Вечером Галина Алексеевна в сердцах надавала Любочке пощечин, и та всю ночь проплакала в подушку. А на следующий день, посовещавшись с Петром Василичем и получив согласие, пригласили Гербера переехать от Прохоровых, и он поселился в доме уже как полноправный член семьи. Местные драться прекратили, раз такое дело, Любочка порхала по дому счастливая и удовлетворенная, Петр Василич ухмылялся в усы. Проиграла Галина Алексеевна, ничего не попишешь…

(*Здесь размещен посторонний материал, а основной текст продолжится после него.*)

(* Fix reals $0<\varepsilon<1$ and $c\ge 12/\varepsilon$, and let $S$ be a set produced by the construction described in the context (with any choices allowed there). Then for all integers $m<n$ with $n$ sufficiently large and $Q_m$ defined, the number of collinear triples consisting of two points of $S\cap Q_m$ and one lattice point of $Q_n$ is at most $$\frac{8\cdot2^{m+n}}{c^{3}n^{2+2\varepsilon}m^{1+\varepsilon}}\cdot n.$$
   Context: Construction. Fix $0<\varepsilon<1$ and $c\ge 12/\varepsilon$. For each sufficiently large integer $n$ (say $n\ge n_0$), let $s_n=\left\lfloor\frac{2^n}{cn^{1+\varepsilon}}\right\rfloor$, $Y_n=\left\lfloor\frac{2^n}{n^{\varepsilon}}\right\rfloor$, and let $Q_n=[2^n,2^n+s_n]\times[Y_n-s_n,Y_n]$ be the axis-parallel square with side $s_n$ and top left corner $(2^n,Y_n)$. Let $p_n$ be the largest prime smaller than $s_n$. For integers $a,b$, let $\mathcal{P}_n(a,b)=\{(2^n+x,\;Y_n-y): x,y\in\{0,\dots,p_n-1\},\ y\equiv (x-a)^2+b \pmod{p_n}\}$, a translated copy of the modular parabola $y=(x-a)^2+b \bmod p_n$ in $Q_n$. The set $S\subseteq\mathbb{Z}^2$ is built iteratively for $n=n_0,n_0+1,\dots$: given the already selected points $S_{<n}=S\cap\bigcup_{m<n}Q_m$, choose parameters $(a_n,b_n)\in\{0,\dots,p_n-1\}^2$ minimizing the number of collinear triples formed by points of $\mathcal{P}_n(a_n,b_n)\cup S_{<n}$ that contain points of both $\mathcal{P}_n(a_n,b_n)$ and $S_{<n}$; delete from $\mathcal{P}_n=\mathcal{P}_n(a_n,b_n)$ one point of each such triple, and add the remaining points of $\mathcal{P}_n$ to $S$. Thus $S\cap Q_n\subseteq\mathcal{P}_n$. *)

From Stdlib Require Import Reals ZArith List Znumtheory.
(* Let $G$ be a Tutte-Berge graph such that the induced subgraph of $G$ on $D(G)$ has no isolated vertices. Then $D(G)=\emptyset$ and $G$ has a perfect matching.
   Context: $\nu(G)$ is the matching number of $G$. For $U\subseteq V(G)$, $N_G(U)$ is the set of vertices adjacent to at least one vertex of $U$. $G$ is a Tutte-Berge graph if there exists an independent set $T$ of $G$ with $|T| = |N_G(T)| + |V(G)| - 2\nu(G)$. $D(G)$ is the set of vertices of $G$ left uncovered by at least one maximum matching of $G$. *)

(* A finite simple graph is a symmetric irreflexive relation
   e : rel T on a finite type T of vertices; V(G) = [set: T]. *)
From mathcomp Require Import all_boot all_order.
Set Implicit Arguments. Unset Strict Implicit. Unset Printing Implicit Defensive.

Section Graphs.
Variable T : finType.
Variable e : rel T.

Definition simple_graph : Prop := symmetric e /\ irreflexive e.

Definition is_edge (E : {set T}) : bool :=
  [exists x, exists y, e x y && (E == [set x; y])].

Definition matching (M : {set {set T}}) : bool :=
  [forall E in M, is_edge E] && trivIset M.

Definition nu : nat := \max_(M : {set {set T}} | matching M) #|M|.

Definition max_matching (M : {set {set T}}) : bool :=
  matching M && (#|M| == nu).

Definition covered (M : {set {set T}}) : {set T} := cover M.

Definition perfect_matching (M : {set {set T}}) : bool :=
  matching M && (covered M == [set: T]).

Definition Dset : {set T} :=
  [set x | [exists M : {set {set T}}, max_matching M && (x \notin covered M)]].

Definition nbhd (U : {set T}) : {set T} := [set y | [exists x in U, e x y]].

Definition independent (U : {set T}) : bool :=
  [forall x in U, forall y in U, ~~ e x y].

(* Tutte-Berge graph: an independent T with |T| = |N(T)| + |V| - 2 nu
   (stated without truncated subtraction) *)
Definition tutte_berge_graph : Prop :=
  exists U : {set T}, independent U /\
    (#|U| + 2 * nu = #|nbhd U| + #|T|)%N.

Definition D_no_isolated : Prop :=
  forall x, x \in Dset -> exists2 y, y \in Dset & e x y.

End Graphs.

(* Fix an independent set U with |U| + 2 nu = |N(U)| + |V|.  In a maximum
   matching M every covered vertex u of U is matched to a distinct vertex of
   N(U), so at most |N(U)| vertices of U are covered and at least
   |U| - |N(U)| = |V| - 2 nu = |V \ cover M| are not.  Hence every vertex left
   uncovered by a maximum matching lies in U, i.e. D(G) is a subset of the
   independent set U.  If no vertex of D(G) is isolated in G[D(G)], then D(G)
   must be empty, so every maximum matching is perfect. *)
From mathcomp Require Import all_boot all_order.
From mathcomp Require Import zify.

Set Implicit Arguments. Unset Strict Implicit. Unset Printing Implicit Defensive.

Section Matchings.
Variable T : finType.
Variable e : rel T.
Hypothesis e_sym : symmetric e.
Hypothesis e_irr : irreflexive e.

Lemma edge_of_matching (M : {set {set T}}) E :
  matching e M -> E \in M -> exists x y, e x y /\ E = [set x; y].
Proof.
case/andP=> /forall_inP edgeM _ /edgeM /existsP [x /existsP [y /andP [exy /eqP ->]]].
by exists x, y.
Qed.

Lemma card_cover_matching (M : {set {set T}}) :
  matching e M -> #|cover M| = 2 * #|M|.
Proof.
move=> mM; have /andP [_ /eqP <-] := mM.
rewrite (eq_bigr (fun _ => 2)) ?sum_nat_const 1?mulnC // => E /(edge_of_matching mM).
case=> x [y [exy ->]]; rewrite cards2; case: eqP => // xy.
by move: exy; rewrite xy e_irr.
Qed.

(* For u not covered by M this is the junk value u. *)
Definition mate (M : {set {set T}}) (u : T) : T :=
  odflt u [pick v | [set u; v] \in M].

Lemma mate_in_matching (M : {set {set T}}) u :
  matching e M -> u \in cover M -> [set u; mate M u] \in M.
Proof.
move=> mM /bigcupP [E EM uE]; rewrite /mate; case: pickP => [v // | no_mate].
have [x [y [_ Exy]]] := edge_of_matching mM EM.
move: uE EM; rewrite Exy in_set2 => /orP [] /eqP ? xyM; subst u.
- by have := no_mate y; rewrite xyM.
- by have := no_mate x; rewrite setUC xyM.
Qed.

Lemma adj_mate (M : {set {set T}}) u :
  matching e M -> u \in cover M -> e u (mate M u).
Proof.
move=> mM /(mate_in_matching mM) /(edge_of_matching mM) [x [y [exy Exy]]].
have u_neq_mate : u != mate M u.
  have := cards2 u (mate M u); rewrite Exy cards2.
  case: eqP => [xy | _]; last by case: (u != mate M u).
  by move: exy; rewrite xy e_irr.
have : u \in [set x; y] by rewrite -Exy set21.
have : mate M u \in [set x; y] by rewrite -Exy set22.
rewrite !in_set2 => /orP [] /eqP mx /orP [] /eqP ux;
  by move: u_neq_mate; rewrite mx ux ?eqxx // e_sym.
Qed.

Lemma mate_inj (M : {set {set T}}) :
  matching e M -> {in cover M &, injective (mate M)}.
Proof.
move=> mM u u' uC u'C same_mate.
have uM := mate_in_matching mM uC; have u'M := mate_in_matching mM u'C.
have same_edge : [set u; mate M u] = [set u'; mate M u'].
  apply/eqP; apply: contraT => neq.
  have /andP [_ /trivIsetP disjM] := mM.
  by have := disjointFr (disjM _ _ uM u'M neq) (set22 u (mate M u));
     rewrite same_mate set22.
have : u \in [set u'; mate M u'] by rewrite -same_edge set21.
rewrite in_set2 -same_mate => /orP [/eqP // | /eqP umate].
by have := adj_mate mM uC; rewrite -umate e_irr.
Qed.

Lemma card_covered_le_nbhd (U : {set T}) (M : {set {set T}}) :
  matching e M -> #|U :&: cover M| <= #|nbhd e U|.
Proof.
move=> mM; have mate_injUC : {in U :&: cover M &, injective (mate M)}.
  by move=> u u' /setIP [_ uC] /setIP [_ u'C]; apply: mate_inj.
rewrite -(card_in_imset mate_injUC); apply: subset_leq_card.
apply/subsetP=> _ /imsetP [u /setIP [uU uC] ->]; rewrite inE.
by apply/exists_inP; exists u => //; apply: adj_mate.
Qed.

Lemma uncovered_sub_tutte_berge_set (U : {set T}) (M : {set {set T}}) :
  (#|U| + 2 * nu e = #|nbhd e U| + #|T|)%N -> max_matching e M ->
  ~: cover M \subset U.
Proof.
move=> tbU /andP [mM /eqP cardM].
have splitU := cardsID (cover M) U.
have splitT := cardsC (cover M).
have coverM := card_cover_matching mM.
have coveredU := card_covered_le_nbhd U mM.
have : U :\: cover M == ~: cover M.
  rewrite eqEcard; apply/andP; split; last lia.
  by apply/subsetP=> y; rewrite !inE => /andP [].
by move/eqP <-; apply: subsetDl.
Qed.

Lemma Dset_sub_tutte_berge_set (U : {set T}) :
  (#|U| + 2 * nu e = #|nbhd e U| + #|T|)%N -> Dset e \subset U.
Proof.
move=> tbU; apply/subsetP=> x; rewrite inE => /existsP [M /andP [maxM xC]].
by apply: (subsetP (uncovered_sub_tutte_berge_set tbU maxM)); rewrite inE.
Qed.

Lemma matching_set0 : matching e set0.
Proof.
rewrite /matching /trivIset big_set0 /cover big_set0 cards0 eqxx andbT.
by apply/forall_inP => E; rewrite inE.
Qed.

Lemma exists_max_matching : exists M : {set {set T}}, max_matching e M.
Proof.
have : 0 < #|[pred M : {set {set T}} | matching e M]|.
  by apply/card_gt0P; exists set0; rewrite inE matching_set0.
case/(eq_bigmax_cond (fun M : {set {set T}} => #|M|)) => M mM cardM.
rewrite inE in mM; exists M; rewrite /max_matching mM /= -cardM.
by apply/eqP/eq_bigl => M'; rewrite inE.
Qed.

Lemma max_matching_perfect (M : {set {set T}}) :
  Dset e = set0 -> max_matching e M -> perfect_matching e M.
Proof.
move=> D0 maxM; have /andP [mM _] := maxM.
rewrite /perfect_matching mM eqEsubset subsetT /=.
apply/subsetP=> x _; apply: contraT => xC.
have : x \in Dset e by rewrite inE; apply/existsP; exists M; rewrite maxM.
by rewrite D0 inE.
Qed.

End Matchings.

Theorem lemma2p9 (T : finType) (e : rel T) :
  simple_graph e -> tutte_berge_graph e -> D_no_isolated e ->
  Dset e = set0 /\ exists M : {set {set T}}, perfect_matching e M.
Proof.
move=> [e_sym e_irr] [U [indU tbU]] D_adj.
have DU := Dset_sub_tutte_berge_set e_sym e_irr tbU.
have D0 : Dset e = set0.
  apply/eqP; rewrite -subset0; apply/subsetP=> x xD.
  have [y yD exy] := D_adj x xD.
  by move/forall_inP: indU => /(_ x (subsetP DU x xD)) /forall_inP
     /(_ y (subsetP DU y yD)); rewrite exy.
have [M maxM] := exists_max_matching e.
by split=> //; exists M; apply: max_matching_perfect.
Qed.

Экзамены сданы были еле-еле, на одни тройки, да и те нарисовали в аттестате из жалости. Любочку уже характерно подташнивало по утрам, она объедалась квашеной капустой и солеными огурцами. Формы заметно попышнели, округлились бедра, и налилась грудь, движения стали ленивыми и плавными, голос ровным и вкрадчивым. Гербер на невесту налюбоваться не мог, руки целовал, комплименты говорил да конфетами закармливал, Петр Василич раздобыл в Красноярске отрез серебряной парчи, Галина Алексеевна села за шитье, и каждый стежок, каждая вытачка омыты были материнскими горючими слезами.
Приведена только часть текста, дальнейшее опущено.